**** SOURCE RECORDS

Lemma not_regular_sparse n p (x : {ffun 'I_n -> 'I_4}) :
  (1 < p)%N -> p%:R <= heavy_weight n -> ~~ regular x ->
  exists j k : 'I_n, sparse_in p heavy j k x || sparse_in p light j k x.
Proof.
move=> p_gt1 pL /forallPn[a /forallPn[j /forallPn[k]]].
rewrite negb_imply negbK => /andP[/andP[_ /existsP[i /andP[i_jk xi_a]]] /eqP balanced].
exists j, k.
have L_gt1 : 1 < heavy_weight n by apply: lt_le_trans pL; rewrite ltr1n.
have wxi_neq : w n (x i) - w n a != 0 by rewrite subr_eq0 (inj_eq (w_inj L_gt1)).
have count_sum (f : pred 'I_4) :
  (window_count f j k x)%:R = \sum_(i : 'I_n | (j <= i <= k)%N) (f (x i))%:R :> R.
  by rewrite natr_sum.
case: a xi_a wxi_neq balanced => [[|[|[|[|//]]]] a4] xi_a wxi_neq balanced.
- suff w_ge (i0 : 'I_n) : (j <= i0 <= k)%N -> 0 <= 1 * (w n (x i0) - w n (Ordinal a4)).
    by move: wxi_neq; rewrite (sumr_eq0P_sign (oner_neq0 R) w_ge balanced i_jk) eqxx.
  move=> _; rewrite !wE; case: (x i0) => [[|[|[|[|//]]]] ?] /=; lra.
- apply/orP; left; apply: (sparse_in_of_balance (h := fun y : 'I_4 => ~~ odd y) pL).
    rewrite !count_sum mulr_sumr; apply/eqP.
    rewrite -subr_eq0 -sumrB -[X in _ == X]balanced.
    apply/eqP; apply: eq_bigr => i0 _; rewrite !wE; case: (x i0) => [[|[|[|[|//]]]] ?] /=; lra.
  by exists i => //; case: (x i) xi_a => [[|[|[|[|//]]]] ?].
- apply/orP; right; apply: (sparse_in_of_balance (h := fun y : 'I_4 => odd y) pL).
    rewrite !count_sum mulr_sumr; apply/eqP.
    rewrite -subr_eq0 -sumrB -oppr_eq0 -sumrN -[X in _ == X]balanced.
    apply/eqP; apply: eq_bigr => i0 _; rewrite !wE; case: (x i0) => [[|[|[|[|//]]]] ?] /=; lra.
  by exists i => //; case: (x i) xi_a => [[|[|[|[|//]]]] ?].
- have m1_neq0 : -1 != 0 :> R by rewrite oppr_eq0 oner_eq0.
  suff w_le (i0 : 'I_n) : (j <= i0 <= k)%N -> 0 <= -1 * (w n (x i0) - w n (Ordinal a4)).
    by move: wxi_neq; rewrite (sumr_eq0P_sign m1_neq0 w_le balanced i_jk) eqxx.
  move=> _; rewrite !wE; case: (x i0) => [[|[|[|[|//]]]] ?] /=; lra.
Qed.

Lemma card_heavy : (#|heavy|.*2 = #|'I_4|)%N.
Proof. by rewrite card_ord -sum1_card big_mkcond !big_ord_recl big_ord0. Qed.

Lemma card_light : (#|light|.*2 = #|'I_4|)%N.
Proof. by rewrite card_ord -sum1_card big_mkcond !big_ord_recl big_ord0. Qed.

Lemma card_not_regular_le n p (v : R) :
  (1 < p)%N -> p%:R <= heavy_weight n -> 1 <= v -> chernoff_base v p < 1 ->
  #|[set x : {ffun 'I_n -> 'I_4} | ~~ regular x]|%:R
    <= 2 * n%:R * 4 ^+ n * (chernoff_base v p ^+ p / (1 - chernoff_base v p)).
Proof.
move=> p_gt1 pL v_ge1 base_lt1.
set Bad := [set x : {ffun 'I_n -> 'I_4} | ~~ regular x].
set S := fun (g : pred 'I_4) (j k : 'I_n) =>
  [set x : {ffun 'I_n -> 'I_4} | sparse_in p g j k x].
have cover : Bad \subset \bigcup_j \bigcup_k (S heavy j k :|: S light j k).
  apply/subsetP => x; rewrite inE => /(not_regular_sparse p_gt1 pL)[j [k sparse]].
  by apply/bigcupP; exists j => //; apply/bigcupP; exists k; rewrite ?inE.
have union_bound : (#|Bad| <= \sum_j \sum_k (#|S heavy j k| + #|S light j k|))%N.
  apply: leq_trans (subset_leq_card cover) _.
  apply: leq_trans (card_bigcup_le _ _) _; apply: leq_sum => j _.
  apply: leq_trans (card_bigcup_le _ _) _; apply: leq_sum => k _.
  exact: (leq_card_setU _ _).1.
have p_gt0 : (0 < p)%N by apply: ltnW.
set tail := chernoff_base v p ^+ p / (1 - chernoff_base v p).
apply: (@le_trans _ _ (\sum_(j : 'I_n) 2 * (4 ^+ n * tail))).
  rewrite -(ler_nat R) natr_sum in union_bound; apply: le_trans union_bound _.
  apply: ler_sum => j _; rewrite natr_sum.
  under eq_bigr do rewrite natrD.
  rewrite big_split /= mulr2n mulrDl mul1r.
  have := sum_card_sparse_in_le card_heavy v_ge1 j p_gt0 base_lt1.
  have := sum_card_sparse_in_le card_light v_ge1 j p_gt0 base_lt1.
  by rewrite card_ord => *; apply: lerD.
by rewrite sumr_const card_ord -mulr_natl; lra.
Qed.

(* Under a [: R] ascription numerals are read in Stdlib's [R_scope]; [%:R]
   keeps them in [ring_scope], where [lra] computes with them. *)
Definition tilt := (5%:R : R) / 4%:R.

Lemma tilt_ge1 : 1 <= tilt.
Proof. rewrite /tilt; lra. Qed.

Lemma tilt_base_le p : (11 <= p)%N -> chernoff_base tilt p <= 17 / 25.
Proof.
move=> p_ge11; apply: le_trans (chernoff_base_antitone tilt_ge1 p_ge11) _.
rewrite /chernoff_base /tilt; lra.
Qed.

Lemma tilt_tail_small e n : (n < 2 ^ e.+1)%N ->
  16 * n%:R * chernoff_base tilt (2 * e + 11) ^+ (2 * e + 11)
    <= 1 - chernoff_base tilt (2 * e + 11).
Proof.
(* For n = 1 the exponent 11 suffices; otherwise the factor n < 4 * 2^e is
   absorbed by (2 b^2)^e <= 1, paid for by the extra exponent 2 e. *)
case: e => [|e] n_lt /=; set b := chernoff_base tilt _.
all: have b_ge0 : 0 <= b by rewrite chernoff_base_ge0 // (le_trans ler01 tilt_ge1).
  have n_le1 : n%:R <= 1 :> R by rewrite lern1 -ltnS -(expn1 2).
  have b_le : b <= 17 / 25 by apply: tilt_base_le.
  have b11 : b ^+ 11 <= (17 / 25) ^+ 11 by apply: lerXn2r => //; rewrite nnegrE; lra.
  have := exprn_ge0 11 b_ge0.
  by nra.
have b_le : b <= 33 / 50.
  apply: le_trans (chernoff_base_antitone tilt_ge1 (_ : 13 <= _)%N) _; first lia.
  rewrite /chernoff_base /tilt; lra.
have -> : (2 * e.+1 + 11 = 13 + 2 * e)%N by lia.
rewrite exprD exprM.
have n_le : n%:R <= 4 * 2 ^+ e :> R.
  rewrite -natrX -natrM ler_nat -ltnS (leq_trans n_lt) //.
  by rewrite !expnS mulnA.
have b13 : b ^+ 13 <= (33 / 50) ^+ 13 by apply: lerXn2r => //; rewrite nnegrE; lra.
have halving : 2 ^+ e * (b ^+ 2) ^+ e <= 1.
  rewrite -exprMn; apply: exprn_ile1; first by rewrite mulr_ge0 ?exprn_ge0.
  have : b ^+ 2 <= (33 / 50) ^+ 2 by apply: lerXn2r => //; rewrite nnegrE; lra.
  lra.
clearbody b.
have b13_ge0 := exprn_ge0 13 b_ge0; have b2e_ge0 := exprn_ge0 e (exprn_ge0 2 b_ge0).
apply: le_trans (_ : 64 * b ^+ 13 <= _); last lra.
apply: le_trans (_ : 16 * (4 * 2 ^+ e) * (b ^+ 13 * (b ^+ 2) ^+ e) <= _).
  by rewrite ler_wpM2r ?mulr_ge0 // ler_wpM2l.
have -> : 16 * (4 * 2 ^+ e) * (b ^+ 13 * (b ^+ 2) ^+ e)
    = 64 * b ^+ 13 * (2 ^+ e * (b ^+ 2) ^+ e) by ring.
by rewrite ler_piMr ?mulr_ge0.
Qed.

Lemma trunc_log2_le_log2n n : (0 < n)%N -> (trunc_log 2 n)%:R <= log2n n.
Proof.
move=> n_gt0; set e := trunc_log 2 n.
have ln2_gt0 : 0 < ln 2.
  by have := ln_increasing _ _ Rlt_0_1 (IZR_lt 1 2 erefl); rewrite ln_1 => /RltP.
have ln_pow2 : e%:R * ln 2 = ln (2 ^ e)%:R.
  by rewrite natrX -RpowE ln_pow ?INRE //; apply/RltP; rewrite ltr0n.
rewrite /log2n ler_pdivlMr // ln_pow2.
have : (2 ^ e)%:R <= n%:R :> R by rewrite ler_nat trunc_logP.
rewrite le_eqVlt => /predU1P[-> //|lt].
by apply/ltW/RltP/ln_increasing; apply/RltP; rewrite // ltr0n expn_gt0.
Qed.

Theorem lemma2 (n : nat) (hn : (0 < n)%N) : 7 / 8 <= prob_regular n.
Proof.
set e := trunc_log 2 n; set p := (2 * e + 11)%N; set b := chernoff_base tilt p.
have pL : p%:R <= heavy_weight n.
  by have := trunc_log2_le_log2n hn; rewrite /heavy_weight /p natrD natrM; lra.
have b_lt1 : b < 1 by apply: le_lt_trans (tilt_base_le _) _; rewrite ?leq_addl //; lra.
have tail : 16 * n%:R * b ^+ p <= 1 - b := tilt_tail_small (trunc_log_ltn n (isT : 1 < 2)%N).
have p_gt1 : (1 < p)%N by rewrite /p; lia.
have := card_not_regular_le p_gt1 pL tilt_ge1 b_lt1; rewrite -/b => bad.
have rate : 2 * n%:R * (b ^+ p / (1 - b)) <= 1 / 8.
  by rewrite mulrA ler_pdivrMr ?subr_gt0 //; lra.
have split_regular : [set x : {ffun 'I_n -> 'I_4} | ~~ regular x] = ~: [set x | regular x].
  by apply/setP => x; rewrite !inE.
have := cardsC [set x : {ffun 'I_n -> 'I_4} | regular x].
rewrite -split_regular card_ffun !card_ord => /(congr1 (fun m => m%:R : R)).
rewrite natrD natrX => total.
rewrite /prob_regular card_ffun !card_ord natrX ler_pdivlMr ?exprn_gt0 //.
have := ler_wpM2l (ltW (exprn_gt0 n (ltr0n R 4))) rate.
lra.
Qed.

********

▶ WORK INSTRUCTIONS
In the records above, locate the lines holding the word "exponent". Copy each of them.

▶ RESPONSE BOX
(* For n = 1 the exponent 11 suffices; otherwise the factor n < 4 * 2^e is
   absorbed by (2 b^2)^e <= 1, paid for by the extra exponent 2 e. *)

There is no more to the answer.